At nearly 39, Messi still plays incredibly - he recently became the top scorer in World Cup history with 18 goals. But he starts the morning the same as millions of Argentines: with a spread of caramelised milk and the traditional mate drink, always with the family, with his wife Antonela and their three children. It's a breakfast that ties him to his childhood in Rosario, not to his status as a star.

During tournaments he follows a stricter regime - combining carbohydrates with proteins and limiting calories and sweets. But he has never hidden his weakness for chocolate, ice cream and dulce de leche. And he isn't alone: Argentina produces 140,000 tonnes of dulce de leche a year, and every Argentine eats 3.5 kilograms of it annually.

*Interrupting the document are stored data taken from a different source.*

Definition sub_const (u : sublevel) : nat :=
  match u with SubA _ _ k | SubB _ k => k end.

Definition sub_succ (u : sublevel) : sublevel :=
  match u with
  | SubA E x k => SubA E x k.+1
  | SubB E k => SubB E k.+1
  end.

Definition sub_guard (u : sublevel) (F : {fset nat}) : sublevel :=
  match u with
  | SubA E x k => SubA (E `|` F) x k
  | SubB E k => SubB (E `|` F) k
  end.

Lemma sub_eval_succ u sg : maxn 1 (sub_eval (sub_succ u) sg) = (sub_eval u sg).+1.
Proof. by case: u => [E x k | E k] /=; case: some_zero => /=; lia. Qed.

Lemma sub_eval_guard u F sg :
  sub_eval (sub_guard u F) sg = if some_zero F sg then 0 else sub_eval u sg.
Proof. by case: u => [E x k | E k] /=; rewrite some_zero_fsetU; do 2 case: some_zero. Qed.

Lemma sub_eval_gt0 v sg : 0 < sub_eval v sg -> some_zero (sub_vars v) sg = false.
Proof. by case: v => [E x k | E k] /=; case: some_zero. Qed.

Lemma sub_eval_eq0 v sg : in_Ls v -> (sub_eval v sg == 0) = some_zero (sub_vars v) sg.
Proof.
case: v => [E x k | E k] /= vL; case: (boolP (some_zero E sg)) => //= /some_zeroP nz.
- by rewrite addn_eq0; case: eqP => // x0; case: nz; exists x.
- by case: k vL.
Qed.

Lemma max_eval_cat U V sg :
  max_eval (U ++ V) sg = maxn (max_eval U sg) (max_eval V sg).
Proof. by elim: U => [|u U IH] /=; rewrite ?IH; lia. Qed.

Lemma max_eval_ge u U sg : List.In u U -> sub_eval u sg <= max_eval U sg.
Proof. by elim: U => [|v U IH] //= [<- | /IH]; lia. Qed.

Lemma max_eval_attained U sg :
  0 < max_eval U sg -> exists2 v, List.In v U & max_eval U sg = sub_eval v sg.
Proof.
elim: U => [|u U IH] //= max_gt0.
case: (leqP (max_eval U sg) (sub_eval u sg)) => uU; first by exists u; [left | lia].
have [|v vU vmax] := IH; first lia.
by exists v; [right | lia].
Qed.

Definition all_Ls (U : seq sublevel) : Prop := forall u, List.In u U -> in_Ls u.

Lemma all_Ls_cat U V : all_Ls U -> all_Ls V -> all_Ls (U ++ V).
Proof. by move=> UL VL u /In_cat [/UL | /VL]. Qed.

Lemma all_Ls_map (T : Type) (f : T -> sublevel) (s : seq T) :
  (forall x, List.In x s -> in_Ls (f x)) -> all_Ls (map f s).
Proof. by move=> fL y /(@In_map _ _ f) [x /fL xL ->]. Qed.

Lemma in_Ls_succ u : in_Ls u -> in_Ls (sub_succ u).
Proof. by case: u. Qed.

Lemma in_Ls_guard u F : in_Ls u -> in_Ls (sub_guard u F).
Proof. by case: u => [E x k | E k] //= xE; rewrite in_fsetU xE. Qed.

(* [imax a b] is [0] if [b] is and [maxn a b] otherwise, and a sublevel [v]
   of [L_s] vanishes exactly when one of [sub_vars v] does. *)
Definition imax_guard (U V : seq sublevel) : seq sublevel :=
  [seq sub_guard u (sub_vars v) | u <- U, v <- V].

Lemma all_Ls_imax_guard U V : all_Ls U -> all_Ls (imax_guard U V).
Proof.
elim: U => [|u U IH] //= UL; apply: all_Ls_cat; last by apply: IH => w wU; apply: UL; right.
by apply: all_Ls_map => v _; apply/in_Ls_guard/UL; left.
Qed.

Lemma max_eval_guard_row u V sg : all_Ls V ->
  max_eval [seq sub_guard u (sub_vars v) | v <- V] sg =
  if max_eval V sg == 0 then 0 else sub_eval u sg.
Proof.
elim: V => [|v V IH] //= VL.
rewrite sub_eval_guard IH => [|w wV]; last by apply: VL; right.
rewrite -sub_eval_eq0; last by apply: VL; left.
case: (sub_eval v sg =P 0) => [-> | v0]; case: (max_eval V sg =P 0) => [-> | V0] //=.
all: by rewrite ?max0n ?maxn0 ?maxnn; case: eqP => //; lia.
Qed.

Lemma max_eval_imax_guard U V sg : all_Ls V ->
  max_eval (imax_guard U V) sg = if max_eval V sg == 0 then 0 else max_eval U sg.
Proof.
move=> VL; elim: U => [|u U IH] /=; first by case: eqP.
by rewrite max_eval_cat IH max_eval_guard_row //; case: eqP.
Qed.

(* [s t = max 1 (t + 1)]: the sublevel [B(fset0, 1)] is needed because
   [sub_succ] keeps a vanishing sublevel at [0]. *)
Fixpoint decompose (t : level) : seq sublevel :=
  match t with
  | LVar x => [:: SubA [fset x] x 0]
  | LZero => [::]
  | LSucc t => SubB fset0 1 :: map sub_succ (decompose t)
  | LMax t1 t2 => decompose t1 ++ decompose t2
  | LIMax t1 t2 => imax_guard (decompose t1) (decompose t2) ++ decompose t2
  end.

Lemma all_Ls_decompose t : all_Ls (decompose t).
Proof.
elim: t => [x | | t IH | t1 IH1 t2 IH2 | t1 IH1 t2 IH2] /=.
- by move=> _ [<- | []]; rewrite /= fset11.
- by [].
- move=> u [<- // | ]; apply: all_Ls_map => v /IH; exact: in_Ls_succ.
- exact: all_Ls_cat.
- by apply: all_Ls_cat => //; apply: all_Ls_imax_guard.
Qed.

Lemma max_eval_succ U sg :
  maxn 1 (max_eval (map sub_succ U) sg) = (max_eval U sg).+1.
Proof. by elim: U => [|u U IH] //=; have := sub_eval_succ u sg; lia. Qed.

Lemma level_eval_decompose t sg : level_eval t sg = max_eval (decompose t) sg.
Proof.
elim: t => [x | | t IH | t1 IH1 t2 IH2 | t1 IH1 t2 IH2] //=.
- by rewrite some_zero1; case: eqP => [-> | ] /=; lia.
- by rewrite some_zero0 IH -max_eval_succ.
- by rewrite max_eval_cat IH1 IH2.
- rewrite max_eval_cat max_eval_imax_guard; last exact: all_Ls_decompose.
  rewrite IH1 IH2 /imax.
  by case: (max_eval (decompose t2) sg) => //= n; case: eqP; lia.
Qed.

Definition pairwise_incomparable (W : seq sublevel) : Prop :=
  forall u v, List.In u W -> List.In v W -> u <> v -> incomparable u v.

Lemma drop_dominated u W : exists2 W',
  forall w, List.In w W' -> List.In w W /\ ~ sub_le w u &
  forall sg, maxn (sub_eval u sg) (max_eval W' sg) =
             maxn (sub_eval u sg) (max_eval W sg).
Proof.
elim: W => [|w W [W' W'W W'max]]; first by exists [::].
have [wu | wNu] := classic (sub_le w u).
- exists W' => [v /W'W [vW vNu] | sg /=]; first by split => //; right.
  by have := W'max sg; have := wu sg; lia.
- exists (w :: W') => [v [<- | /W'W [vW vNu]] | sg /=]; first by split => //; left.
    by split => //; right.
  by have := W'max sg; lia.
Qed.

Lemma pairwise_incomparable_reduction U : exists W,
  [/\ forall u, List.In u W -> List.In u U, pairwise_incomparable W &
      forall sg, max_eval W sg = max_eval U sg].
Proof.
elim: U => [|u U [W [WU Winc Wmax]]]; first by exists [::].
have [[w wW uw] | uNW] := classic (exists2 w, List.In w W & sub_le u w).
  exists W; split => [v /WU vU | // | sg /=]; first by right.
  by rewrite -Wmax; have := max_eval_ge sg wW; have := uw sg; lia.
have [W' W'W W'max] := drop_dominated u W.
exists (u :: W'); split => [v [<- | /W'W [/WU vU _]] | | sg /=]; [by left | by right | |].
- move=> a b [<- | /W'W [aW aNu]] [<- | /W'W [bW bNu]] ab //.
  + by split => // ub; apply: uNW; exists b.
  + by split => // ua; apply: uNW; exists a.
  + exact: Winc.
- by rewrite W'max Wmax.
Qed.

There's something reassuring in the fact that the best footballer of his generation doesn't breakfast on some laboratory protein powder, but on toast with something sweet and a cup of mate with the family. A table culture that doesn't change, no matter the money and the fame. Maybe that's exactly it - the feeling that some things stay the same - that keeps him on the pitch when everyone else has already given up.